“The Technological Origins of the High School Movement” (Job Market Paper)
Abstract: This paper argues that the emergence of knowledge hierarchies in the modern U.S. firms since the late 19th century, expedited by huge progress in communication technology, played a significant role in the expansion of mass secondary education called the high school movement in the U.S. in the early 20th century. To analyze the causal connections among these historical events, the paper presents a dynamic model in which the complementarity between individual skills is crucial to production. Middle-skilled individuals could help increase the payoff to the high-skilled by supervising low-skilled production workers as middle managers in firms, and so some of potential top managers with high skill actively supported the expansion of mass education to the secondary level some time after a sophisticated form of production organizations had started to emerge.

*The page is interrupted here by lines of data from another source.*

Lemma pt_partition_of i : 0 < i -> pt (partition_of f N) i = f i.
Proof.
move=> i_gt0; rewrite /pt nth_filter_gt0 //.
case: (ltnP i.-1 N) => i_N.
  by rewrite (nth_map 0) ?size_iota // nth_iota //; congr f; lia.
by rewrite nth_default ?size_map ?size_iota // f_eq0 //; lia.
Qed.

End PartitionOf.

Lemma partition_remove_box a i : is_partition a -> 0 < i -> pt a i.+1 < pt a i ->
  exists a', is_partition a' /\
    forall j, 0 < j -> pt a' j = if j == i then (pt a i).-1 else pt a j.
Proof.
move=> aP i_gt0 corner_i.
pose f j := if j == i then (pt a i).-1 else pt a j.
have f_nonincreasing p q : 0 < p <= q -> f q <= f p.
  move=> le_pq; rewrite /f; have := pt_nonincreasing aP le_pq.
  case: (eqVneq q i) => [-> | q_i]; case: (eqVneq p i) => [p_i | p_i]; try lia.
  by subst p; have := pt_nonincreasing aP (i := i.+1) (j := q); lia.
have f_eq0 p : size a < p -> f p = 0.
  by rewrite /f; case: eqP => [-> | _] /pt_eq0 ->.
exists (partition_of f (size a)).
by split; [exact: partition_of_partition | exact: pt_partition_of].
Qed.

Lemma crossP m n l : cross m n l <->
  exists i j, [/\ 0 < i, 0 < j, i + j = m.+2 & pt l.1 i + pt l.2 j <= n].
Proof.
split=> [[k [k_m cross_k]] | [i [j [i_gt0 j_gt0 ij cross_ij]]]].
  by exists k.+1, (m - k).+1; split=> //; lia.
exists i.-1; split; first lia.
by rewrite prednK // (_ : (m - i.-1).+1 = j) //; lia.
Qed.

Lemma not_cross_sum_gt m n l : ~ cross m n l ->
  forall i j, 0 < i -> 0 < j -> i + j = m.+2 -> n < pt l.1 i + pt l.2 j.
Proof.
move=> not_cross i j i_gt0 j_gt0 ij; rewrite ltnNge; apply/negP => cross_ij.
by apply: not_cross; apply/crossP; exists i, j.
Qed.

Lemma cross_swap m n l : cross m n (l.2, l.1) <-> cross m n l.
Proof.
have swap l' : cross m n (l'.2, l'.1) -> cross m n l'.
  move=> /crossP[i [j [i_gt0 j_gt0 ij cross_ij]]].
  by apply/crossP; exists j, i; split; rewrite // addnC.
by split=> [/swap // | l_cross]; apply: swap; case: l l_cross.
Qed.

Lemma almost_cross_swap m n l : almost_cross m n l -> almost_cross m n (l.2, l.1).
Proof.
move=> [not_cross minimal]; split=> [/cross_swap // | mu muP mu_l mu_ne].
apply/cross_swap; apply: minimal.
- by case/andP: muP => ? ?; apply/andP.
- by move=> i /mu_l [].
- by move=> eq_l; apply: mu_ne; rewrite -eq_l; case: mu {muP mu_l eq_l}.
Qed.

Section AlmostCross.

Variables (m n : nat) (l : bipartition).
Hypotheses (lP : is_bipartition l) (l_almost : almost_cross m n l).

(* Removing the last box of row [i] of [l.1] must create a cross pair of rows,
   and only a pair involving row [i] can have become one. *)
Lemma almost_cross_corner1 i : 0 < i -> pt l.1 i.+1 < pt l.1 i ->
  i <= m.+1 /\ pt l.1 i + pt l.2 (m.+2 - i) = n.+1.
Proof.
move=> i_gt0 corner_i.
case: l lP l_almost corner_i => a b /andP[/= aP bP] [not_cross minimal] /= corner_i.
have [a' [a'P pt_a']] := partition_remove_box aP i_gt0 corner_i.
have /crossP[i' [j [i'_gt0 j_gt0 ij /= cross_ij]]] : cross m n (a', b).
  apply: minimal; first by rewrite /is_bipartition a'P bP.
    by move=> j j_gt0 /=; rewrite pt_a' //; case: eqP => [-> |]; lia.
  by case=> eq_a'; have := pt_a' i i_gt0; rewrite eq_a' eqxx; lia.
have := not_cross_sum_gt not_cross i'_gt0 j_gt0 ij; move: cross_ij; rewrite pt_a' //=.
case: eqP => [ii' | _]; last lia.
by subst i'; rewrite (_ : m.+2 - i = j); lia.
Qed.

Lemma almost_cross_row1 i : 0 < i -> 0 < pt l.1 i ->
  i <= m.+1 /\ pt l.1 i + pt l.2 (m.+2 - i) <= n.+1.
Proof.
move=> i_gt0 row_i; have /andP[aP bP] := lP.
have [j [le_ij <- corner_j]] := pt_corner aP i_gt0 row_i.
have [j_m sum_j] := almost_cross_corner1 (leq_trans i_gt0 le_ij) corner_j.
have := pt_nonincreasing bP (i := m.+2 - j) (j := m.+2 - i); lia.
Qed.

End AlmostCross.

Lemma almost_cross_row2 m n l i : is_bipartition l -> almost_cross m n l ->
  0 < i -> 0 < pt l.2 i -> i <= m.+1 /\ pt l.2 i + pt l.1 (m.+2 - i) <= n.+1.
Proof.
move=> /andP[aP bP] /almost_cross_swap l_almost.
by apply: (almost_cross_row1 (l := (l.2, l.1))) => //; apply/andP.
Qed.

(* [l.1] and [l.2], the latter rotated by a half turn, tile the
   [(m+1) x (n+1)] rectangle. *)
Definition rect_complement (m n : nat) (l : bipartition) : Prop :=
  (forall i, m.+1 < i -> pt l.1 i = 0 /\ pt l.2 i = 0) /\
  forall i j, 0 < i -> 0 < j -> i + j = m.+2 -> pt l.1 i + pt l.2 j = n.+1.

Lemma rect_complement_swap m n l :
  rect_complement m n l -> rect_complement m n (l.2, l.1).
Proof.
move=> [l_eq0 l_sum]; split=> [i /l_eq0 [] // | i j i_gt0 j_gt0 ij /=].
by rewrite addnC l_sum // addnC.
Qed.

Lemma almost_cross_rect_complement m n l :
  is_bipartition l -> almost_cross m n l -> rect_complement m n l.
Proof.
move=> lP l_almost.
have row1 := almost_cross_row1 lP l_almost; have row2 := almost_cross_row2 lP l_almost.
split=> [i i_m | i j i_gt0 j_gt0 ij].
  have i_gt0 : 0 < i by lia.
  split; [case: (posnP (pt l.1 i)) => // /(row1 _ i_gt0) [] |
          case: (posnP (pt l.2 i)) => // /(row2 _ i_gt0) []]; lia.
have := not_cross_sum_gt l_almost.1 i_gt0 j_gt0 ij.
have -> : j = m.+2 - i by lia.
case: (posnP (pt l.1 i)) => [row_i0 | /(row1 _ i_gt0) []]; last lia.
by have := row2 (m.+2 - i); rewrite (_ : m.+2 - (m.+2 - i) = i); lia.
Qed.

Lemma rect_complement_sub_eq1 m n l mu : rect_complement m n l -> bcontained mu l ->
  ~ cross m n mu -> forall i, 0 < i -> pt mu.1 i = pt l.1 i.
Proof.
move=> [l_eq0 l_sum] mu_l not_cross i i_gt0; have [le1 _] := mu_l i i_gt0.
case: (ltnP m.+1 i) => i_m; first by move: le1; rewrite (l_eq0 i i_m).1; lia.
have j_gt0 : 0 < m.+2 - i by lia.
have [_ le2] := mu_l (m.+2 - i) j_gt0.
have := not_cross_sum_gt not_cross i_gt0 j_gt0 (subnKC (leqW i_m)).
have := l_sum i (m.+2 - i) i_gt0 j_gt0 (subnKC (leqW i_m)); lia.
Qed.

Lemma rect_complement_almost_cross m n l :
  is_bipartition l -> rect_complement m n l -> almost_cross m n l.
Proof.
move=> /andP[aP bP] l_rect; split.
  by move=> /crossP[i [j [i_gt0 j_gt0 ij]]]; rewrite l_rect.2 //; lia.
move=> mu /andP[mu1P mu2P] mu_l mu_ne; apply: NNPP => not_cross; apply: mu_ne.
have eq1 := rect_complement_sub_eq1 l_rect mu_l not_cross.
have swap_mu_l : bcontained (mu.2, mu.1) (l.2, l.1).
  by move=> i /mu_l [le1 le2].
have eq2 := rect_complement_sub_eq1 (rect_complement_swap l_rect) swap_mu_l
  (fun swap_cross => not_cross (proj1 (cross_swap _ _ _) swap_cross)).
by case: mu l eq1 eq2 mu1P mu2P aP bP {mu_l swap_mu_l not_cross l_rect}
  => [c d] [a b] /= eq1 eq2 cP dP aP bP; rewrite (pt_inj cP aP eq1) (pt_inj dP bP eq2).
Qed.

Lemma bsize_rect_complement m n l :
  is_bipartition l -> rect_complement m n l -> bsize l = (m + 1) * (n + 1).
Proof.
move=> /andP[aP bP] [l_eq0 l_sum].
have size_le c : is_partition c -> (forall i, m.+1 < i -> pt c i = 0) -> size c <= m.+1.
  move=> cP c_eq0; rewrite leqNgt; apply/negP => c_size.
  by have := pt_gt0 cP (i := size c); rewrite leqnn c_eq0; lia.
have size1 : size l.1 <= m.+1 by apply: size_le aP _ => i /l_eq0 [].
have size2 : size l.2 <= m.+1 by apply: size_le bP _ => i /l_eq0 [].
rewrite /bsize (psize_nth size1) (psize_nth size2).
rewrite [X in _ + X]big_nat_rev -big_split /=.
rewrite big_nat_cond (eq_bigr (fun => n.+1)) -?big_nat_cond ?sum_nat_const_nat; first lia.
move=> i /andP[/andP[_ i_m] _]; have := l_sum i.+1 (m - i).+1 isT isT.
by rewrite /pt /= add0n subSS; apply; lia.
Qed.
Lemma flip_partition_noncrossing e f : e \in M -> f \in M' -> ~~ crosses e f.
Proof.
move=> eM fM'; have [hP hfl _ _] := hFP; have /and3P [/eqP covP _ _] := hP.
have [N NP fN] := flip_partition_edge fM'.
have [v vY ->] := flip_edge_chord NP fN.
have nvY : next (enum (cover N)) v \in cover N by rewrite -mem_enum mem_next mem_enum.
move: (eM); rewrite -covP => /bigcupP [N2 N2P eN2].
have [EN | NN2] := eqVneq N N2.
  rewrite -{}EN in eN2.
  have [q [qY E0 _ _ [_ hsz]]] := flip_partition_block NP.
  move: eN2; rewrite {1}E0 => /(mem_pairs0 hsz) [j hj ->].
  rewrite next_Qseq; apply: next_chord_noncrossing => //.
  by apply: mem_nth_Qseq; rewrite hsz; lia.
have eN : e \notin N.
  apply: contra NN2 => eN; have [z ze _] := matching_edgeP hM eM.
  by apply/eqP/(partition_block_eq hM hP NP N2P (z := z)); apply/bigcupP; exists e.
case/and4P: (hfl N NP) => _ _ _ /forall_inP /(_ e); rewrite inE eN eM => /(_ isT).
apply: contra => hc; apply/exists_inP; exists v => //.
by apply/exists_inP; exists (next (enum (cover N)) v).
Qed.

Lemma flip_partition_disjoint_compatible : disjoint_compatible M M'.
Proof.
apply/andP; split; first exact: flip_partition_disjoint.
by apply/forall_inP => e eM; apply/forall_inP => f fM'; apply: flip_partition_noncrossing.
Qed.

End FlipPartition.

Section DisjointCompatible.
Variables (n : nat) (M M' : {set {set 'I_n}}).
Hypotheses (hM : matching M) (hM' : matching M') (hdc : disjoint_compatible M M').
Local Notation pt := 'I_n.
Local Notation m := (mate M).
Local Notation m' := (mate M').
Local Notation Y x := (component m m' x).

Lemma mate_neq_mate x : m x != m' x.
Proof.
apply/eqP => E; case/andP: hdc => /disjoint_setI0/setP/(_ [set x; m x]).
by rewrite !inE {2}E !mate_edge.
Qed.
Theorem lemma2p9 (K : closedFieldType) (r : nat)
  (f : bps K) (fi : 'I_r -> bps K) (x y : 'I_r -> nat -> K) (mlt : 'I_r -> nat)
  (Hcurve : param_of_curve f fi x y)
  (Hmult : forall i, is_mult (x i) (y i) (mlt i))
  (Hsing : (1 < \sum_(i < r) mlt i)%N)
  (Hgood : good_char K mlt)
  (Hbranch : (forall i, (1 < mlt i)%N) \/ distinct_tangents x y mlt)
  (A : comAlgType K) (mA : A -> Prop) (HA : complete_local_K_alg mA)
  (X Y : 'I_r -> nat -> A) (Hlift : lifts mA x y X Y)
  (a b : A) (c : 'I_r -> A) (a' b' : A) (c' : 'I_r -> A)
  (Hs : equimult_sections mA mlt X Y a b c)
  (Hs' : equimult_sections mA mlt X Y a' b' c') :
  a = a' /\ b = b' /\ (forall i, c i = c' i).
Proof.
case: HA => [[mA_ideal _ _ _ _] [separated _]].
have mlt_gt0 i : (0 < mlt i)%N.
  by case: Hcurve => _ _ _ _ /(_ i) [x0 y0 _ _]; apply: is_mult_gt0 (Hmult i).
have mlt_neq0 i : (mlt i)%:R != 0 :> K by apply: natf_neq0_pchar_ndvd (mlt_gt0 i) (Hgood i).
case: Hs Hs' => a_mA b_mA c_mA XY_tpow [a'_mA b'_mA c'_mA XY_tpow'].
have [-> -> c_eq] := sections_eq mlt_gt0 mlt_neq0 (fun i => (Hmult i).2)
  (smooth_branches_transversal Hsing Hbranch) mA_ideal
  (fun i k => (Hlift i k).1) (fun i k => (Hlift i k).2) a_mA b_mA c_mA a'_mA b'_mA c'_mA
  (fun i => (XY_tpow i).1) (fun i => (XY_tpow i).2)
  (fun i => (XY_tpow' i).1) (fun i => (XY_tpow' i).2) separated.
by split; [|split].
Qed.
Lemma aff_restrv c M0 (M v : {ffun I -> R}) :
  v e0 = c -> aff M0 M v = aff (M0 + M e0 * c) (restrv M) (restrv v).
Proof.
move=> ve0; rewrite /aff big_e0_sigma ve0 addrA; congr (_ + _).
by apply: eq_bigr => j _; rewrite !ffunE.
Qed.

Definition restr_exp k (m : expvec I k) : expvec J k := [ffun j => m (sigma j)].

(* Coefficients of [h] after substituting the constant [c] for the variable [e0]. *)
Definition subst_coord k (c : R) (h : expvec I k -> R) (m' : expvec J k) : R :=
  \sum_(m : expvec I k | (\sum_i (m i : nat) <= k)%N && (restr_exp m == m'))
    h m * c ^+ m e0.

Lemma polyfun_subst_coord k c (h : expvec I k -> R) (v : {ffun I -> R}) :
  v e0 = c -> polyfun (subst_coord c h) (restrv v) = polyfun h v.
Proof.
move=> ve0; rewrite /polyfun (partition_big (@restr_exp k)
  (fun m' : expvec J k => (\sum_j (m' j : nat) <= k)%N)); last first.
  move=> m; apply: leq_trans; rewrite [X in (_ <= X)%N](big_e0_sigma addn).
  by rewrite (eq_bigr (fun j => (m (sigma j) : nat))) ?leq_addl // => j _; rewrite ffunE.
apply: eq_bigr => m' _; rewrite mulr_suml; apply: eq_bigr => m /andP[_ /eqP <-].
rewrite -mulrA (@big_e0_sigma R 1 *%R) /= ve0; congr (_ * (_ * _)).
by apply: eq_bigr => j _; rewrite !ffunE.
Qed.

Variables (F : seq {ffun I -> R}) (W : seq {ffun J -> R}) (c : R).
Hypothesis F_e0 : {in F, forall v : {ffun I -> R}, v e0 = c}.
Hypothesis W_restr : W =i map restrv F.

Lemma slice_theta k : all_lin_k_sos F k -> all_lin_k_sos W k.
Proof.
move=> F_sos a0 a a_ge0; have [|hs hsE] := F_sos a0 (extv a).
  by move=> v vF; rewrite aff_extv a_ge0 // W_restr map_f.
exists (map (subst_coord c) hs) => w; rewrite W_restr => /mapP[v vF ->].
rewrite -aff_extv hsE // big_map; apply: eq_bigr => h _.
by rewrite polyfun_subst_coord // F_e0.
Qed.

This theoretical explanation is consistent with the existing historical evidence in the literature.
“A Theory of Selective College Admission in the U.S.”
Abstract: This paper presents a formal dynamic model showing that the origins of the unique admission process at selective U.S. colleges, which considers both academic and non-academic merits of applicants, can be found in the dramatic expansion of public secondary education called the high school movement in the early 20th century. The complementarity between individual skills in production, combined with huge progress in communication technology, caused a sophisticated form of knowledge hierarchies to emerge in the modern U.S. firms in the late 19th century, thereby leading to the introduction of public secondary education in the early 20th century with the demand for middle managers in multi-layered organizations increasing. Rather paradoxically, however, the implementation of public secondary education ultimately caused the shortage of the middle-skilled compared to the high-skilled in the economy, as many who could not have afforded to get college education before had the opportunities with the lower cost of secondary schooling. As a result, colleges have adopted selective admission criteria, following the preferences of their potential customers and alumni, so that the balance between the number of the middle-skilled and that of the high-skilled can be restored. This theoretical explanation is consistent with historical facts of the U.S. since the late 19th century, and implies that selective college admission could effectively address the problem of overinvestment in higher education, thereby having been pivotal in making the high school movement a really historic event that would change the structure of the U.S. economy in a more efficient direction.